Conor O’Neill (Keanu Reeves) is a gambler who secretly bets $6,000 on his (dead) father’s account and is now severely in debt with two bookies. In order to repay the debts, he is told by a corporate friend that he must coach a baseball team of troubled fifth grade kids from Chicago’s Cabrini Green housing projects in exchange for $500 each week, for ten weeks.
Worried only about getting his $500 check, Conor shows up at the baseball field to a rag tag bunch of trash-talking, street-wise, inner city kids called “crack babies” who live in the projects, where people have to sit on the floor in their apartments to avoid stray bullets. Conor’s efforts are hindered from the onset by the fact that he doesn’t have nine kids to make up the team—one kid, having altered his birth certificate to be older and another, “G-Baby” (DeWayne Warren), who is far too young to play. The kids tell Conor it is because their teacher, Elizabeth “Sister” Wilkes (Diane Lane), is making several boys finish a book report. Conor visits the teacher, but his life is threatened repeatedly by his bookies for not paying his gambling debts. He is visited by the mother of three boys that are allowed to play in exchange for his tutoring them. One of the kids, Jefferson Albert Tibbs (Julian Griffith), asks Conor to walk him home after practice, but Conor only caring about his partner bringing him tickets to scalp, didn’t realize how rough the neighborhood was after dark and is then given a car to take the kids home after practice.

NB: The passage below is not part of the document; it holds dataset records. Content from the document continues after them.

(* Let $A=\sigma(R)\langle x_1,\dots,x_n\rangle$ be a quasi-commutative bijective $\sigma$-PBW extension of a left Noetherian ring $R$. Let $c_1,\dots,c_t\in R\setminus\{0\}$ and let $\mathbf X_1=X_1\mathbf e_{i_1},\dots,\mathbf X_t=X_t\mathbf e_{i_t}$ be monomials of $A^m$ (the indices $i_1,\dots,i_t\in\{1,\dots,m\}$ need not be distinct). Let $L=[c_1\mathbf X_1\ \cdots\ c_t\mathbf X_t]$ and $$\mathrm{Syz}(L)=\{(h_1,\dots,h_t)^T\in A^t:\ h_1c_1\mathbf X_1+\dots+h_tc_t\mathbf X_t=\mathbf 0\}.$$ Then $\mathrm{Syz}(L)$ has a finite generating set consisting of homogeneous syzygies.
   Context: Let $R\subseteq A$ be rings. $A$ is a $\sigma$-PBW extension of $R$, written $A=\sigma(R)\langle x_1,\dots,x_n\rangle$, if there are $x_1,\dots,x_n\in A\setminus R$ such that: (i) $A$ is a free left $R$-module with basis $\mathrm{Mon}(A)=\{x^\alpha=x_1^{\alpha_1}\cdots x_n^{\alpha_n}:\alpha\in\mathbb N^n\}$, with $x^0=1$; (ii) for every $i$ and every $r\in R\setminus\{0\}$ there is $c_{i,r}\in R\setminus\{0\}$ with $x_ir-c_{i,r}x_i\in R$; (iii) for all $i,j$ there is $c_{i,j}\in R\setminus\{0\}$ with $x_jx_i-c_{i,j}x_ix_j\in R+Rx_1+\dots+Rx_n$. There are injective ring endomorphisms $\sigma_i$ of $R$ with $x_ir=\sigma_i(r)x_i+\delta_i(r)$, where $\delta_i$ are $\sigma_i$-derivations. $A$ is quasi-commutative if $x_ir=c_{i,r}x_i$ and $x_jx_i=c_{i,j}x_ix_j$ exactly. $A$ is bijective if each $\sigma_i$ is bijective and $c_{i,j}$ is invertible for $i<j$. $\mathrm{Mon}(A)$ carries a monomial order, i.e. a total order $\succeq$ with: - $x^\beta\succeq x^\alpha\Rightarrow lm(x^\gamma x^\beta x^\lambda)\succeq lm(x^\gamma x^\alpha x^\lambda)$; - $x^\alpha\succeq1$; - degree compatibility. $lm$ denotes the leading monomial; $lm(x^\alpha x^\beta)=x^{\alpha+\beta}$. $A^m$ is the free left $A$-module of column vectors with canonical basis $\mathbf e_1,\dots,\mathbf e_m$. Monomials of $A^m$ are $X\mathbf e_i$ with $X\in\mathrm{Mon}(A)$. A term of $A$ is an element $cx^\alpha$ with $c\in R$. A syzygy $\mathbf h=(h_1,\dots,h_t)^T\in\mathrm{Syz}(L)$ is homogeneous of degree $\mathbf X=X\mathbf e_i$ ($X\in\mathrm{Mon}(A)$) if: - each $h_j$ is a term; - for each $j$, either $h_j=0$ or $lm(lm(h_j)\mathbf X_j)=\mathbf X$, where $lm(x^\gamma\cdot x^\alpha\mathbf e_i)=x^{\gamma+\alpha}\mathbf e_i$. *)

From HB Require Import structures.
From mathcomp Require Import all_boot all_order all_algebra.
Set Implicit Arguments. Unset Strict Implicit. Unset Printing Implicit Defensive.
Import GRing.Theory.
Local Open Scope ring_scope.

Definition expo (n : nat) := {ffun 'I_n -> nat}.

Definition expo_add (n : nat) (a b : expo n) : expo n := [ffun i => (a i + b i)%N].

Definition mon (A : nzRingType) (n : nat) (x : 'I_n -> A) (a : expo n) : A :=
  \prod_(i < n) x i ^+ a i.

Conor works to get the team to support each other and stop trash-talking each other’s bad plays; but the team nevertheless, loses its first game 16-1, which fosters hostility between the players. Conor brings them together by buying them pizza (trading sports tickets for the pizza) and leads the team to win their second game 9-3. The team starts to come together as Conor tries to kindle a romance with Wilkes.

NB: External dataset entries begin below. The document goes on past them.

(* Let $\mathbf d=(d_1,\ldots,d_n)$ be a degree sequence, $w\in[n]$, and let $V_w\subseteq[n]$ and $\mathbf d_{n,w}=(d_v)_{v\in V_w}$ be as described in the context. Let $\mathcal G_w$ be a random functional graph on vertex set $V_w$ with degree sequence $\mathbf d_{n,w}$, i.e. the graph of a uniformly random $f:V_w\to V_w$ with $|f^{-1}(\{v\})|=d_v$ for all $v\in V_w$. Then an $n$-extension of $\mathcal G_w$ is a random functional graph with degree sequence $\mathbf d$, i.e. it is distributed as the graph of a uniformly random element of $\mathfrak F(\mathbf d)$.
   Context: A degree sequence is $\mathbf d=(d_1,\ldots,d_n)\in\mathbb N_0^n$ with $\sum_j d_j=n$; $\mathfrak F(\mathbf d)=\{f:[n]\to[n]: |f^{-1}(\{i\})|=d_i\ \forall i\}$; the functional graph of $f:V\to V$ has vertex set $V$ and edges $(v,f(v))$. Let $\sigma^2=\frac1n\sum_j d_j^2-1$ and $\hat n=\lfloor (n\sigma^2)^{4/3}\rfloor$. If $\hat n\ge n$, $V_w=[n]$. Otherwise let $v_1,\ldots,v_{n-\hat n}$ be $n-\hat n$ distinct vertices in $[n]\setminus\{w\}$ with $d_{v_i}=1$, chosen by a fixed deterministic rule (such vertices exist), and $V_w=[n]\setminus\{v_1,\ldots,v_{n-\hat n}\}$. ($\sum_{v\in V_w}d_v=|V_w|$.) Given $V'\subseteq[n]$ and a functional graph $G=(V',E')$ on $V'$, an $n$-extension of $G$ is the random graph on $[n]$ produced as follows: start with $V_0=V'$, $E_0=E'$; while $V_i\ne[n]$, let $u$ be the smallest element of $[n]\setminus V_i$; with probability $1/(|E_i|+1)$ set $V_{i+1}=V_i\cup\{u\}$, $E_{i+1}=E_i\cup\{(u,u)\}$ (a loop); otherwise choose an edge $(x,y)\in E_i$ uniformly at random and set $V_{i+1}=V_i\cup\{u\}$, $E_{i+1}=(E_i\setminus\{(x,y)\})\cup\{(x,u),(u,y)\}$; all random choices independent. The output is $(V_i,E_i)$ once $V_i=[n]$. *)

From HB Require Import structures.
From mathcomp Require Import all_boot all_order all_algebra.
Set Implicit Arguments. Unset Strict Implicit. Unset Printing Implicit Defensive.
Import Order.TTheory GRing.Theory Num.Theory.

Definition graph (n : nat) := {set ('I_n * 'I_n)}.

Definition graph_on n (V : {set 'I_n}) (f : {ffun 'I_n -> 'I_n}) : graph n :=
  [set (v, f v) | v in V].

(* f encodes a map V -> V with |f^{-1}(v)| = d v for all v in V;
   outside V, f is normalised to the identity (so encodings are unique). *)
Definition in_F n (V : {set 'I_n}) (d : 'I_n -> nat) (f : {ffun 'I_n -> 'I_n}) : bool :=
  [forall v, if v \in V then (f v \in V) && (#|[set x in V | f x == v]| == d v)
             else f v == v].

Definition fungraph_law n (V : {set 'I_n}) (d : 'I_n -> nat) (E : graph n) : rat :=
  (#|[set f : {ffun 'I_n -> 'I_n} | in_F V d f && (graph_on V f == E)]|%:R
   / #|[set f : {ffun 'I_n -> 'I_n} | in_F V d f]|%:R)%R.

Definition next_vertex n (V : {set 'I_n}) : option 'I_n :=
  [pick i in ~: V | [forall j in ~: V, (i <= j)%N]].

Definition trans n (u : 'I_n) (E E' : graph n) : rat :=
  ((#|E|.+1)%:R^-1 *
   ((E' == E :|: [set (u, u)])%:R
    + \sum_(e in E) (E' == (E :\ e) :|: [set (e.1, u); (u, e.2)])%:R))%R.

Definition step n (u : 'I_n) (mu : graph n -> rat) : graph n -> rat :=
  fun E' => (\sum_(E : graph n) mu E * trans u E E')%R.

Fixpoint extend_iter n (k : nat) (V : {set 'I_n}) (mu : graph n -> rat) : graph n -> rat :=
  match k with
  | 0 => mu
  | k'.+1 => match next_vertex V with
             | None => mu
             | Some u => extend_iter k' (u |: V) (step u mu)
             end
  end.

(* law of the n-extension of a random graph on V with law mu (n steps suffice) *)
Definition n_extension n (V : {set 'I_n}) (mu : graph n -> rat) : graph n -> rat :=
  extend_iter n V mu.

(* n * sigma^2 = sum_j d_j^2 - n  (a nonnegative integer) *)
Definition nsigma2 n (d : 'I_n -> nat) : nat := ((\sum_j d j ^ 2) - n)%N.

(* hat n = floor((n sigma^2)^{4/3}) = largest m with m^3 <= (n sigma^2)^4 *)
Definition hatn n (d : 'I_n -> nat) : nat :=
  let x := nsigma2 d in \max_(m < (x ^ 4).+1 | (m ^ 3 <= x ^ 4)%N) (m : nat).

(* V is a valid choice of V_w (for an arbitrary deterministic rule) *)
Definition is_Vw n (d : 'I_n -> nat) (w : 'I_n) (V : {set 'I_n}) : Prop :=
  if (n <= hatn d)%N then V = setT
  else exists S : {set 'I_n},
      [/\ #|S| = (n - hatn d)%N, w \notin S, (forall v, v \in S -> d v = 1%N)
        & V = ~: S].

From HB Require Import structures.
From mathcomp Require Import all_boot all_order all_algebra perm.
From Stdlib Require Import FunctionalExtensionality.
Set Implicit Arguments. Unset Strict Implicit. Unset Printing Implicit Defensive.
Import Order.TTheory GRing.Theory Num.Theory.

(* Every vertex outside V_w has degree 1.  Adding such a vertex u to a map
   f : V -> V is the same as choosing c in V + {u} and letting u subdivide the
   edge (c, f c) (a loop at u when c = u); since u has exactly one preimage,
   this is a bijection between F(V) x (V + {u}) and F(V + {u}).  One step of
   the extension picks each of the |V| + 1 choices with probability
   1/(|V| + 1), so it maps the uniform law on F(V) to the uniform law on
   F(V + {u}); induction on the number of added vertices concludes. *)

Section InsertVertex.
Variable n : nat.
Implicit Types (u c v x : 'I_n) (V : {set 'I_n}) (d : 'I_n -> nat)
  (f : {ffun 'I_n -> 'I_n}).

(* [f] is assumed to fix [u]; inserting with [c = u] creates the loop at [u]. *)
Definition insert_vertex u c f : {ffun 'I_n -> 'I_n} :=
  [ffun x => if x == c then u else if x == u then f c else f x].

Definition remove_vertex u c f : {ffun 'I_n -> 'I_n} :=
  [ffun x => if x == u then u else if x == c then f u else f x].

Lemma remove_vertexK u c f : f c = u -> insert_vertex u c (remove_vertex u c f) = f.
Proof.
move=> fc; apply/ffunP => x; rewrite !ffunE.
case: (eqVneq x c) => [->|xc] //; case: (eqVneq x u) => [xu|//].
by rewrite -xu eq_sym (negbTE xc) eqxx.
Qed.

Lemma insert_vertexK u c f : f u = u -> remove_vertex u c (insert_vertex u c f) = f.
Proof.
move=> fu; apply/ffunP => x; rewrite !ffunE.
case: (eqVneq x u) => [->|xu] //; case: (eqVneq x c) => [xc|//].
by rewrite -xc eq_sym (negbTE xu) eqxx.
Qed.

Lemma mem_graph_on V f a b : ((a, b) \in graph_on V f) = (a \in V) && (b == f a).
Proof.
apply/imsetP/andP => [[x xV [-> ->]] | [aV /eqP ->]]; first by split.
by exists a.
Qed.

Lemma card_graph_on V f : #|graph_on V f| = #|V|.
Proof. by rewrite card_imset // => x y []. Qed.

Lemma mem_notin_neq u V y : u \notin V -> y \in V -> (y == u) = false.
Proof. by move=> uV yV; apply: contraNF uV => /eqP <-. Qed.

Lemma mem_setU1_neq u c V : c \in u |: V -> c != u -> c \in V.
Proof. by rewrite in_setU1 => /orP[/eqP ->|//]; rewrite eqxx. Qed.

Lemma graph_insert_loop u V f : u \notin V -> f u = u ->
  graph_on (u |: V) (insert_vertex u u f) = graph_on V f :|: [set (u, u)].
Proof.
move=> uV fu; apply/setP => -[a b].
rewrite in_setU in_set1 !mem_graph_on in_setU1 ffunE /= xpair_eqE.
by case: (eqVneq a u) => [->|au] /=; rewrite ?(negbTE uV) ?orbF.
Qed.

Conor risks everything and makes a $12,000 bet with a new bookie to cover the $12,000 debt he owes to the other bookies. His stress, already high from his gambling debts, runs higher at the baseball field because one of his players is pulled from playing after a competing coach questions the boy’s age. Conor takes offense to the league president’s threat to be removed, after he voices his objection to his team having to wear ratty t-shirts while the other teams have full uniforms. In protest, he announces it was his last game which draws dissention and resentment from his players.
Conor barely wins his $12,000 bet, pays off all his debts, and is pressured into making another bet for $24,000 using his $12,000 winnings. Conor connects with the kids, finds it harder to leave than he thought and surprises them with second row seats (behind Sammy Sosa’s dugout) in a major league game refusing to gamble anymore. His relationship with Wilkes grows; he gets new uniforms for the players (sponsored by one of his bookies); and he assumes a fatherly role to lead the team to the championship game (called, “going to the ship” by the boys).
Having just dropped the kids at home after winning the pre-championship game, G-Baby is struck and killed by a stray bullet in a gang fight which leads Conor to want to forfeit the championship game.
After an emotional funeral service, the team rallies together to win the championship game in the name of their fallen teammate.